The main difficulty is the need to build a custom ROM and kernel.  There are three reasons for this:

  • To have a swap enabled kernel.  Starting a debuggable build of Firefox on Memcheck gives a process size of around 800MB.  Without swap, it gets OOM-killed at around 270MB.  But the default kernel isn’t configured for swap, hence a rebuild is required, as per Mike Hommey’s instructions.  Once in place, I gave the kernel a 1GB swap file parked in /sdcard, and that seemed to work ok.
  • Libraries with symbols.  Memcheck needs to have symbol information for /system/lib/libc.so and /system/bin/linker (libc and the dynamic linker).  Without these it generates huge numbers of false error reports and is unusable.  Symbols for the other libraries are nice (better stacktraces) but not essential.
  • To make it possible to start Firefox on Valgrind.  Valgrind can only insert itself into a process at an exec() transition, that is, when the process starts from new.  On normal Unixes this is no problem, since the shell from which you start Valgrind does the normal fork-exec thing.  But application start on Android is completely different, and doesn’t involve exec().

Instead, there is a master process called the Zygote.  To start an application (eg Firefox), a message is sent via a socket to the Zygote.  This creates a child with fork(), and the child then goes on to load the relevant bytecode and (presumably) native code and “becomes” Firefox.  So there’s no exec()  boundary for Valgrind to enter at.

Fortunately the AOSP folks provided a solution a couple of months back.  They modified Zygote so that it can start selected processes under the control of a user-specified wrapper, which is precisely the hook we need.  The AOSP tree now has this fix.

Overview of getting started

Here’s an overview of the process.  It doesn’t contain enough details to simply copy and paste, but it does give some idea of the hoop jumping that is unfortunately still required.

Download sources and build Android images, as per directions at http://source.android.com/source/building.html.  This in itself is a major exercise.  The relevant “lunch” flavour is full_crespo-eng, I think.  At the end of this stage, you’ll have (amongst things) libraries with symbols and a wrapper-enabled Zygote.  But not a swap enabled kernel.

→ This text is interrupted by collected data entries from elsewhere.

(* 4 k 2^m < 3^(m - m/4 + 1) once m > 7 k^4: raise both sides to the fourth
   power and compare 256 k^4 16^m with 81 * 27^m. *)
Lemma exp_gap k m : (7 * k ^ 4 < m)%N -> (4 * k * 2 ^ m < 3 ^ (m - m %/ 4 + 1))%N.
Proof.
move=> hm; rewrite -(@ltn_exp2r _ _ 4) //.
set a := (m - m %/ 4)%N.
have ha : (3 * m + 4 <= (a + 1) * 4)%N by have := leq_divM m 4; rewrite /a; lia.
apply: (@leq_trans (3 ^ (3 * m + 4))); last by rewrite -expnM leq_pexp2l.
have -> : (3 ^ (3 * m + 4) = 81 * 27 ^ m)%N by rewrite expnD expnM mulnC.
have -> : ((4 * k * 2 ^ m) ^ 4 = 256 * k ^ 4 * 16 ^ m)%N.
  by rewrite !expnMn -expnM (mulnC m 4) expnM.
have := pow_16_27 m; have : (0 < 16 ^ m)%N by rewrite expn_gt0.
set X := (16 ^ m)%N; set Y := (27 ^ m)%N; set K := (k ^ 4)%N in hm * => X0 h.
have : (512 * K * X < 81 * m.+1 * X)%N by rewrite ltn_pmul2r //; lia.
lia.
Qed.

(* 4^m / 3^(m - m/4): the inverse of the least qweight of a dataset on which
   a hypothesis makes at most m/4 mistakes. *)
Definition qbound (R : realType) (m : nat) : R := (4 ^ m)%:R / (3 ^ (m - m %/ 4))%:R.

Lemma qbound_ge0 (R : realType) m : 0 <= qbound R m.
Proof. by rewrite divr_ge0 // ler0n. Qed.

Lemma clique_bound_lt_pow2 (R : realType) (k m : nat) : (7 * k ^ 4 < m)%N ->
  4/3 * (k%:R * qbound R m) < (2 ^ m)%:R.
Proof.
move=> /exp_gap; rewrite /qbound; set a := (m - m %/ 4)%N => gap.
have -> : 4/3 * (k%:R * ((4 ^ m)%:R / (3 ^ a)%:R)) =
    (4 * k * 4 ^ m)%:R / (3 ^ (a + 1))%:R :> R.
  by rewrite !natrM expnD expn1 natrM; field; rewrite pnatr_eq0 expn_eq0.
rewrite ltr_pdivrMr ?ltr0n ?expn_gt0 // -natrM ltr_nat.
have -> : (4 ^ m = 2 ^ m * 2 ^ m)%N by rewrite -expnMn.
have : (0 < 2 ^ m)%N by rewrite expn_gt0.
nia.
Qed.

Section FlipArgument.
Variables (R : realType) (X : countType) (H : set (X -> bool)) (m : nat).

(* The biased coin: it shows true (a flip / a mistake) with probability 1/4. *)
Definition coin (b : bool) : R := if b then 1/4 else 3/4.

Lemma coin_ge0 b : 0 <= coin b. Proof. by case: b; rewrite /coin; lra. Qed.
Lemma coin_le1 b : coin b <= 1. Proof. by case: b; rewrite /coin; lra. Qed.
Lemma coin_sum : coin true + coin false = 1. Proof. by rewrite /coin; lra. Qed.

Definition mistake (h : X -> bool) (z : X * bool) : bool := h z.1 != z.2.

Definition qweight (h : X -> bool) (S : dataset X m) : R :=
  \prod_(z <- S) coin (mistake h z).

Definition consistent (g : X -> bool) (S : dataset X m) : bool :=
  all (fun z => g z.1 == z.2) S.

Build a swap enabled kernel as per Mike Hommey’s instructions, and incorporate it into the images built in the previous stage.  In fact, I skipped this step — Mike kindly did it for me.

Push the images onto the phone, reboot, check it’s still alive.

Check out a copy of the Valgrind trunk from svn://svn.valgrind.org/valgrind/trunk, and build as described in detail in README.android.  If you complete that successfully, you’ll have a working installation of Valgrind on the phone at /data/local/Inst/bin/valgrind.

Install busybox on the phone, to make life a little less austere in the shell.

On the Linux host, generate a 1GB swap file and transfer it to /sdcard on the phone (that’s the only place it will fit).  Then enable swapping:

  cat /proc/swaps
  /data/local/Bin/busybox swapon /sdcard/swapfile1G
  cat /proc/swaps

Note you’ll have to manually re-enable swapping every time the phone is rebooted.

Copy from the host, the contents of out/target/product/crespo/symbols/system to /sdcard/symbols/system.  These are the debuginfo objects for the system libraries.  Valgrind expects them to be present, as per comments above, so it can read symbols for libc.so and /system/bin/linker.  This will copy far more than that, which is not essential but nice for debugging.

Build a Firefox you want to debug.  That of course means with line number info and with the flags –disable-jemalloc –enable-valgrind.  I strongly suggest you use “-O -g” for a good compromise between speed and debuggability.  When the build finishes, ask the build system to make an .apk file with the debug info in place, and install it.  The .apk will be huge, about 125MB:

  (cd $objdir && make package PKG_SKIP_STRIP=1)
  adb install -r $objdir/dist/fennec-9.0a1.en-US.eabi-arm.apk

We’re nearly there.  We have a device which is all set up, and a debuggable Firefox on it.  But we need to tell Zygote that we want to start Firefox with a wrapper, namely Valgrind.  In the shell on the phone, do this:

  setprop wrap.org.mozilla.fennec_sewardj "logwrapper /data/local/start_valgrind_fennec"

This tells Zygote that any startup of “org.mozilla.fennec_sewardj” should be done via an exec() of /data/local/start_valgrind_fennec applied to Zygote-specified arguments.  So, now we can put any old thing in a shell script, and Zygote will run it.  Here’s what I have for /data/local/start_valgrind_fennec:

  #!/system/bin/sh
  VGPARAMS='--error-limit=no'
  export TMPDIR=/data/data/org.mozilla.fennec_sewardj
  exec /data/local/Inst/bin/valgrind $VGPARAMS $*

Obviously you can put any Valgrind params you want in VGPARAMS; you get the general idea.  Note that this is ARM, so you don’t need the –smc-check= flag that’s necessary on x86 targets.

Only two more hoops to jump through now.  One question is where the Valgrind output should go.  Initially I tried using Valgrind’s little-known but very useful –log-socket= parameter (see here for details), but it seemed to crash the phone on a regular basis.

So I abandoned that.  By default, Valgrind’s output winds up in the phone’s system log, mixed up with lots of other stuff.  In the end I wound up running the following on the host, which works pretty well:

  adb logcat -c ; adb logcat | grep --line-buffered start_valgrind \
    | sed -u sQ/data/local/start_valgrind_QQg | tee logfile.txt

And finally .. we need to start Firefox.  Now, due to recent changes in how the libraries are packaged for Android, you can’t start it by pressing on the Fennec icon (well, you can, but Valgrind won’t read the debuginfo.)  Instead, issue this command in a shell on the phone:

  am start -a org.mozilla.gecko.DEBUG -n org.mozilla.fennec_sewardj/.App

This requests a “debug intent” startup of Firefox, which sidesteps the fancy dynamic unpacking of libraries into ashmem, and instead does the old style thing of unpacking them into /data/data/org.mozilla.fennec_sewardj.  From there Valgrind can read debuginfo in the normal way.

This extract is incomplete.